[DATA SUPPLIED Boundary: Start]

(* Let $\mathcal{L}$ and $\mathcal{K}$ be $2$-categories with pseudolimits of arrows, and let $U\colon\mathcal{L}\to\mathcal{K}$ be a $2$-functor preserving pseudolimits of arrows. Then $U$ preserves equivalences, injective equivalences, retract equivalences, normal retract equivalences, representable isofibrations, and normal isofibrations.
   Context: An equivalence is a morphism $f\colon A\to B$ with $g\colon B\to A$ and invertible $2$-cells $1\cong gf$, $fg\cong 1$; an injective equivalence is an equivalence with a retraction; a retract equivalence is an equivalence with a section; a normal retract equivalence is a retract equivalence which is also a normal isofibration. The pseudolimit of an arrow $f\colon A\to B$ is an object $L_f$ with $u_f\colon L_f\to A$, $v_f\colon L_f\to B$ and invertible $\lambda_f\colon v_f\cong fu_f$, universal among such data; $U$ preserves it if $(UL_f,Uu_f,Uv_f,U\lambda_f)$ is a pseudolimit of $Uf$. A morphism $f\colon A\to B$ is a representable isofibration if for every object $X$, given $g\colon X\to A$, $h\colon X\to B$ and invertible $\alpha\colon fg\cong h$, there exist $h'\colon X\to A$ and invertible $\alpha'\colon g\cong h'$ with $f\alpha'=\alpha$. A cleavage is a choice of such $(\alpha',h')$ for every $(g,\alpha,h)$, natural in $X$; it is normal if $\alpha'$ is an identity whenever $\alpha$ is. A normal isofibration is a representable isofibration admitting a normal cleavage. *)

(* A 2-category is presented "globularly": for each
   pair of objects a type of 1-cells and a type of 2-cells, with source and
   target maps from 2-cells to 1-cells.  Vertical composition is a total
   operation whose laws are only required on composable pairs. *)

Set Implicit Arguments.
Unset Strict Implicit.

Record TwoCatData := {
  ob : Type;
  hom : ob -> ob -> Type;
  cell : ob -> ob -> Type;
  src : forall A B, cell A B -> hom A B;
  tgt : forall A B, cell A B -> hom A B;
  id1 : forall A, hom A A;
  comp1 : forall A B C, hom B C -> hom A B -> hom A C;   (* comp1 g f = g o f *)
  id2 : forall A B, hom A B -> cell A B;
  vcomp : forall A B, cell A B -> cell A B -> cell A B;  (* vcomp b a = b . a *)
  hcomp : forall A B C, cell B C -> cell A B -> cell A C (* hcomp b a = b * a *)
}.

Arguments hom {_} _ _.
Arguments cell {_} _ _.
Arguments src {_ _ _} _.
Arguments tgt {_ _ _} _.
Arguments id1 {_} _.
Arguments comp1 {_ _ _ _} _ _.
Arguments id2 {_ _ _} _.
Arguments vcomp {_ _ _} _ _.
Arguments hcomp {_ _ _ _} _ _.

Record IsTwoCat (C : TwoCatData) : Prop := {
  src_id2 : forall (A B : ob C) (f : hom A B), src (id2 f) = f;
  tgt_id2 : forall (A B : ob C) (f : hom A B), tgt (id2 f) = f;
  src_vcomp : forall (A B : ob C) (a b : cell A B),
      tgt a = src b -> src (vcomp b a) = src a;
  tgt_vcomp : forall (A B : ob C) (a b : cell A B),
      tgt a = src b -> tgt (vcomp b a) = tgt b;
  src_hcomp : forall (A B D : ob C) (b : cell B D) (a : cell A B),
      src (hcomp b a) = comp1 (src b) (src a);
  tgt_hcomp : forall (A B D : ob C) (b : cell B D) (a : cell A B),
      tgt (hcomp b a) = comp1 (tgt b) (tgt a);
  comp1_assoc : forall (A B D E : ob C) (h : hom D E) (g : hom B D) (f : hom A B),
      comp1 h (comp1 g f) = comp1 (comp1 h g) f;
  comp1_id_l : forall (A B : ob C) (f : hom A B), comp1 (id1 B) f = f;
  comp1_id_r : forall (A B : ob C) (f : hom A B), comp1 f (id1 A) = f;
  vcomp_id_l : forall (A B : ob C) (a : cell A B), vcomp (id2 (tgt a)) a = a;
  vcomp_id_r : forall (A B : ob C) (a : cell A B), vcomp a (id2 (src a)) = a;
  vcomp_assoc : forall (A B : ob C) (a b c : cell A B),
      tgt a = src b -> tgt b = src c -> vcomp c (vcomp b a) = vcomp (vcomp c b) a;
  hcomp_assoc : forall (A B D E : ob C) (c : cell D E) (b : cell B D) (a : cell A B),
      hcomp c (hcomp b a) = hcomp (hcomp c b) a;
  hcomp_id_l : forall (A B : ob C) (a : cell A B), hcomp (id2 (id1 B)) a = a;
  hcomp_id_r : forall (A B : ob C) (a : cell A B), hcomp a (id2 (id1 A)) = a;
  hcomp_id2 : forall (A B D : ob C) (g : hom B D) (f : hom A B),
      hcomp (id2 g) (id2 f) = id2 (comp1 g f);
  interchange : forall (A B D : ob C) (a a' : cell A B) (b b' : cell B D),
      tgt a = src a' -> tgt b = src b' ->
      hcomp (vcomp b' b) (vcomp a' a) = vcomp (hcomp b' a') (hcomp b a)
}.

Record TwoCat := { tc_data :> TwoCatData; tc_axioms : IsTwoCat tc_data }.

Record TwoFunctorData (C D : TwoCatData) := {
  F0 : ob C -> ob D;
  F1 : forall A B : ob C, hom A B -> hom (F0 A) (F0 B);
  F2 : forall A B : ob C, cell A B -> cell (F0 A) (F0 B)
}.
Arguments F0 {_ _} _ _.
Arguments F1 {_ _} _ {_ _} _.
Arguments F2 {_ _} _ {_ _} _.

Record IsTwoFunctor (C D : TwoCatData) (U : TwoFunctorData C D) : Prop := {
  F1_id : forall A : ob C, F1 U (id1 A) = id1 (F0 U A);
  F1_comp : forall (A B E : ob C) (g : hom B E) (f : hom A B),
      F1 U (comp1 g f) = comp1 (F1 U g) (F1 U f);
  F2_src : forall (A B : ob C) (a : cell A B), src (F2 U a) = F1 U (src a);
  F2_tgt : forall (A B : ob C) (a : cell A B), tgt (F2 U a) = F1 U (tgt a);
  F2_id : forall (A B : ob C) (f : hom A B), F2 U (id2 f) = id2 (F1 U f);
  F2_vcomp : forall (A B : ob C) (a b : cell A B),
      tgt a = src b -> F2 U (vcomp b a) = vcomp (F2 U b) (F2 U a);
  F2_hcomp : forall (A B E : ob C) (b : cell B E) (a : cell A B),
      F2 U (hcomp b a) = hcomp (F2 U b) (F2 U a)
}.

Record TwoFunctor (C D : TwoCat) :=
  { tf_data :> TwoFunctorData C D; tf_axioms : IsTwoFunctor tf_data }.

[DATA SUPPLIED Boundary: End]

Your response should be made up of the lines in the data that contain the word "IsTwoCat".

**TASK OUTPUT**
Record IsTwoCat (C : TwoCatData) : Prop := {
Record TwoCat := { tc_data :> TwoCatData; tc_axioms : IsTwoCat tc_data }.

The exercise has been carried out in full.